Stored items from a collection
Definition plen (p : seq T) : nat := (size p).-1.

Definition non_neighbouring (L : {set T}) : Prop :=
  (forall l, l \in L -> is_leaf l) /\
  (forall l1 l2 y, l1 \in L -> l2 \in L -> l1 != l2 -> ~~ (e l1 y && e l2 y)).

Definition leaf_nbrs (y : T) : nat := #|[set z | e y z & is_leaf z]|.

End Graphs.

(* Root the tree at a non-leaf r.  Call a non-leaf vertex a link if it is not r, has
   degree 2 and its only child is not a leaf, and branching otherwise.  Each non-leaf
   other than r is the non-leaf child of exactly one vertex and each link has exactly
   one non-leaf child, so the branching vertices have one non-leaf child fewer than
   their number in total.  A branching vertex other than r that is not adjacent to a
   leaf has at least two, hence there are at most 2(s+1) branching vertices, where s is
   the number of vertices adjacent to a leaf.  The links therefore form few vertical
   chains, and cutting them at the depths congruent to K modulo K+1 gives at least
   (#inner - 12K(s+1))/2K disjoint bare paths of length K.
   Picking one leaf next to each such vertex gives s non-neighbouring leaves, so if (B)
   fails then s < δ^6 n.  The leaves kept in (C) hang from vertices with fewer than
   δ^-4 leaf neighbours, so there are at most δ^-4 s of them; if (C) fails as well, the
   tree has at least n/100 - δ^2 n non-leaves, and K = ⌊δ^-1⌋ + 1 gives (A). *)

From mathcomp Require Import all_boot all_order all_algebra.
From mathcomp Require Import reals.
From mathcomp Require Import zify ring lra.
Set Implicit Arguments. Unset Strict Implicit. Unset Printing Implicit Defensive.
Import Order.TTheory GRing.Theory Num.Theory.

Lemma mem_internal (T : finType) (x y : T) s : y \in internal (x :: s) -> y \in s.
Proof. by case: s => [|a s] //= /mem_belast. Qed.

Section Leaves.
Variables (T : finType) (e : rel T).

Lemma leaf_adj_uniq l y1 y2 : is_leaf e l -> e l y1 -> e l y2 -> y1 = y2.
Proof.
rewrite /is_leaf /deg => /cards1P [x Ex] ly1 ly2.
have : y1 \in [set y | e l y] by rewrite inE.
have : y2 \in [set y | e l y] by rewrite inE.
by rewrite Ex !inE => /eqP -> /eqP ->.
Qed.

Lemma leaf_adj_ex l : is_leaf e l -> exists y, e l y.
Proof.
rewrite /is_leaf /deg => /cards1P [x Ex]; exists x.
have : x \in [set y | e l y] by rewrite Ex inE.
by rewrite inE.
Qed.

Definition inner := [set v | ~~ is_leaf e v].

Definition supports := [set y | [exists z, e y z && is_leaf e z]].

End Leaves.

Section RootedTree.
Variables (T : finType) (e : rel T).
Hypothesis e_sym : symmetric e.
Hypothesis e_irr : irreflexive e.
Hypothesis e_conn : forall x y : T, connect e x y.
Hypothesis e_acyclic : forall c : seq T, (3 <= size c)%N -> uniq c -> ~~ cycle e c.
Variable r : T.

Definition ball k :=
  iter k (fun B : {set T} => B :|: [set y | [exists x in B, e x y]]) [set r].

Lemma mem_ball0 y : (y \in ball 0) = (y == r).
Proof. by rewrite /= inE. Qed.

Lemma ball_step x y k : x \in ball k -> e x y -> y \in ball k.+1.
Proof.
move=> xk exy; rewrite /= inE; apply/orP; right; rewrite inE.
by apply/existsP; exists x; rewrite xk.
Qed.

Lemma mem_ballS y k :
  y \in ball k.+1 -> y \in ball k \/ exists2 x, x \in ball k & e x y.
Proof.
rewrite /= !inE => /orP [->|]; first by left.
by move/existsP => [x /andP [xk exy]]; right; exists x.
Qed.

Lemma last_path_ball x p k :
  x \in ball k -> path e x p -> last x p \in ball (k + size p).
Proof.
elim: p x k => [|y p IH] x k /=; first by rewrite addn0.
move=> xk /andP [exy pp]; rewrite addnS -addSn; apply: IH pp.
exact: ball_step xk exy.
Qed.

Lemma exists_ball y : exists k, y \in ball k.
Proof.
have /connectP [p pp ->] := e_conn r y.
by exists (0 + size p); apply: last_path_ball pp; rewrite mem_ball0.
Qed.

Definition depth y := ex_minn (exists_ball y).

Lemma ball_depth y : y \in ball (depth y).
Proof. by rewrite /depth; case: ex_minnP. Qed.

Lemma depth_le y k : y \in ball k -> depth y <= k.
Proof. by rewrite /depth; case: ex_minnP => m _ min_m /min_m. Qed.

Lemma depth_eq0 y : (depth y == 0) = (y == r).
Proof.
apply/idP/idP => [/eqP d0|/eqP->]; first by have := ball_depth y; rewrite d0 mem_ball0.
by rewrite -leqn0; apply: depth_le; rewrite mem_ball0.
Qed.

Lemma depth_adj u v : e u v -> depth v <= (depth u).+1.
Proof. by move=> euv; apply: depth_le; apply: ball_step (ball_depth u) euv. Qed.

(* [parent r = r] *)
Definition parent y := odflt y [pick x | (x \in ball (depth y).-1) && e x y].

Lemma parent_spec y : y != r -> e y (parent y) /\ (depth (parent y)).+1 = depth y.
Proof.
move=> yr; have : depth y != 0 by rewrite depth_eq0.
case Ed : (depth y) => [//|d] _.
have yd := ball_depth y; rewrite Ed in yd.
have y_notin : y \notin ball d by apply/negP => /depth_le; rewrite Ed ltnn.
have [x xd exy] : exists2 x, x \in ball d & e x y.
  by case: (mem_ballS yd) => // yd'; rewrite yd' in y_notin.
rewrite /parent Ed /=; case: pickP => [x' /andP [x'd ex'y]|/(_ x)]; last by rewrite xd exy.
split; first by rewrite e_sym.
apply/eqP; rewrite eqn_leq ltnS (depth_le x'd) -Ed.
exact: depth_adj.
Qed.

Lemma parent_adj y : y != r -> e y (parent y).
Proof. by case/parent_spec. Qed.

Lemma depth_parent y : y != r -> (depth (parent y)).+1 = depth y.
Proof. by case/parent_spec. Qed.

Lemma same_depth_path d a b : depth a = d -> depth b = d -> a != b ->
  exists q, [/\ path e a q, last a q = b, uniq (a :: q), 1 < size q &
                all (fun x => depth x <= d) q].
Proof.
have notin_deeper (s : seq T) c k :
    all (fun x => depth x <= k) s -> depth c = k.+1 -> c \notin s.
  by move=> /allP s_le dc; apply/negP => /s_le; rewrite dc ltnn.
elim: d a b => [|d IH] a b da db ab.
  by move: ab; move/eqP: da; move/eqP: db; rewrite !depth_eq0 => /eqP -> /eqP ->; rewrite eqxx.
have ar : a != r by rewrite -depth_eq0 da.
have br : b != r by rewrite -depth_eq0 db.
have dpa : depth (parent a) = d by apply/eqP; rewrite -eqSS depth_parent // da.
have dpb : depth (parent b) = d by apply/eqP; rewrite -eqSS depth_parent // db.
case: (eqVneq (parent a) (parent b)) => [pab|pa_pb].
  exists [:: parent a; b]; split => //=.
  - by rewrite parent_adj // pab e_sym parent_adj.
  - have neq_depth x y : depth x != depth y -> x != y by apply: contraNneq => ->.
    rewrite !inE negb_or ab /=.
    by rewrite andbT (neq_depth a) ?(neq_depth _ b) // ?da ?db dpa; lia.
  - by rewrite dpa db leqnn leqnSn.
have [q [pq lq uq sq aq]] := IH _ _ dpa dpb pa_pb.
have low : all (fun x => depth x <= d) (parent a :: q) by rewrite /= dpa leqnn aq.
exists (rcons (parent a :: q) b); split.
- by rewrite rcons_path /= parent_adj // pq /= lq e_sym parent_adj.
- by rewrite last_rcons.
- rewrite cons_uniq mem_rcons in_cons negb_or ab (notin_deeper _ _ _ low da).
  by rewrite rcons_uniq uq andbT (notin_deeper _ _ _ low db).
- by rewrite size_rcons.
- rewrite all_rcons db leqnn /= dpa leqnSn /=.
  by apply: sub_all aq => x /= /leq_trans; apply; apply: leqnSn.
Qed.

(* An edge that is not a parent edge would close a cycle with [same_depth_path]. *)
Lemma adj_parent u v : e u v -> (u != r /\ parent u = v) \/ (v != r /\ parent v = u).
Proof.
wlog: u v / depth u <= depth v => [sym|duv] euv.
  case: (leqP (depth u) (depth v)) => duv; first exact: sym.
  by rewrite e_sym in euv; case: (sym v u (ltnW duv) euv); [right|left].
have uv : u != v by apply: contraTneq euv => ->; rewrite e_irr.
move: (depth_adj euv); rewrite leq_eqVlt ltnS => /orP [/eqP dv|dvu]; last first.
  have [q [pq lq uq sq _]] := same_depth_path (anti_leq (introT andP (conj duv dvu))) erefl uv.
  have := e_acyclic (c := u :: q); rewrite /= ltnS sq => /(_ isT uq).
  by rewrite rcons_path pq lq e_sym euv.
have vr : v != r by rewrite -depth_eq0 dv.
case: (eqVneq (parent v) u) => [pvu|pv_u]; first by right.
have dpv : depth (parent v) = depth u by apply/eqP; rewrite -eqSS depth_parent // dv.
have [q [pq lq uq sq aq]] := same_depth_path dpv erefl pv_u.
have v_notin : v \notin parent v :: q.
  have low : all (fun x => depth x <= depth u) (parent v :: q) by rewrite /= dpv leqnn aq.
  by apply/negP => /(allP low) /=; rewrite dv ltnn.
have : ~~ cycle e (v :: parent v :: q).
  by apply: e_acyclic; [rewrite /= !ltnS ltnW | rewrite cons_uniq v_notin uq].
by rewrite /= parent_adj // rcons_path pq lq euv.
Qed.

Definition children p := [set w | (w != r) && (parent w == p)].

Lemma parent_notin_children p : p != r -> parent p \notin children p.
Proof.
move=> pr; rewrite inE; apply/negP => /andP [ppr /eqP pp].
by have := depth_parent pr; have := depth_parent ppr; rewrite pp; lia.
Qed.

Lemma deg_children p : deg e p = #|children p| + (p != r).
Proof.
rewrite /deg; case: (eqVneq p r) => [->|pr].
  rewrite addn0; apply: eq_card => y; rewrite !inE.
  apply/idP/idP => [/adj_parent [[]|[-> ->]]|/andP [yr /eqP <-]]; rewrite ?eqxx //.
  by rewrite e_sym parent_adj.
have -> : [set y | e p y] = parent p |: children p.
  apply/setP => y; rewrite !inE.
  apply/idP/idP => [/adj_parent [[_ ->]|[-> ->]]|]; rewrite ?eqxx ?orbT //.
  case/orP => [/eqP ->|/andP [yr /eqP <-]]; first exact: parent_adj.
  by rewrite e_sym parent_adj.
by rewrite cardsU1 parent_notin_children // addn1.
Qed.

Lemma depth_iter_parent m v : (forall i, i < m -> iter i parent v != r) ->
  depth (iter m parent v) + m = depth v.
Proof.
elim: m => [|m IH] vr; first by rewrite addn0.
rewrite iterS addnS -addSn depth_parent; last exact: vr.
by apply: IH => i im; apply: vr; rewrite ltnS ltnW.
Qed.

Lemma path_traject_parent m v : (forall i, i < m -> iter i parent v != r) ->
  path e v (traject parent (parent v) m).
Proof.
elim: m v => [|m IH] v vr //=.
rewrite parent_adj; last exact: (vr 0).
by apply: IH => i im; rewrite -iterSr; apply: vr.
Qed.

Lemma uniq_traject_parent m v : (forall i, i < m -> iter i parent v != r) ->
  uniq (traject parent v m.+1).
Proof.
move=> vr; rewrite looping_uniq; apply/negP => /trajectP [i im E].
have := depth_iter_parent vr.
have := @depth_iter_parent i v (fun j ji => vr j (ltn_trans ji im)).
by rewrite E => <- /eqP; rewrite eqn_add2l => /eqP mi; rewrite mi ltnn in im.
Qed.

Section Links.
Hypothesis r_inner : r \in inner e.

Definition inner_children p := #|[set w in inner e | (w != r) && (parent w == p)]|.

(* The internal vertices of a bare path running down the tree are links. *)
Definition link p := [&& p \in inner e, p != r, deg e p == 2 & inner_children p == 1].

Definition branching := [set p in inner e | ~~ link p].

Definition link_tops := [set c | link c && ~~ link (parent c)].

Lemma parent_inner w : w != r -> parent w \in inner e.
Proof.
move=> wr; case: (eqVneq (parent w) r) => [->|pwr] //.
rewrite inE /is_leaf deg_children pwr addn1 eqSS -lt0n.
by apply/card_gt0P; exists w; rewrite inE wr eqxx.
Qed.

▶ **What you will do**
Scan the records for lines with the string "that". Give the number of such lines and nothing else.

▶ **Expected answer**
2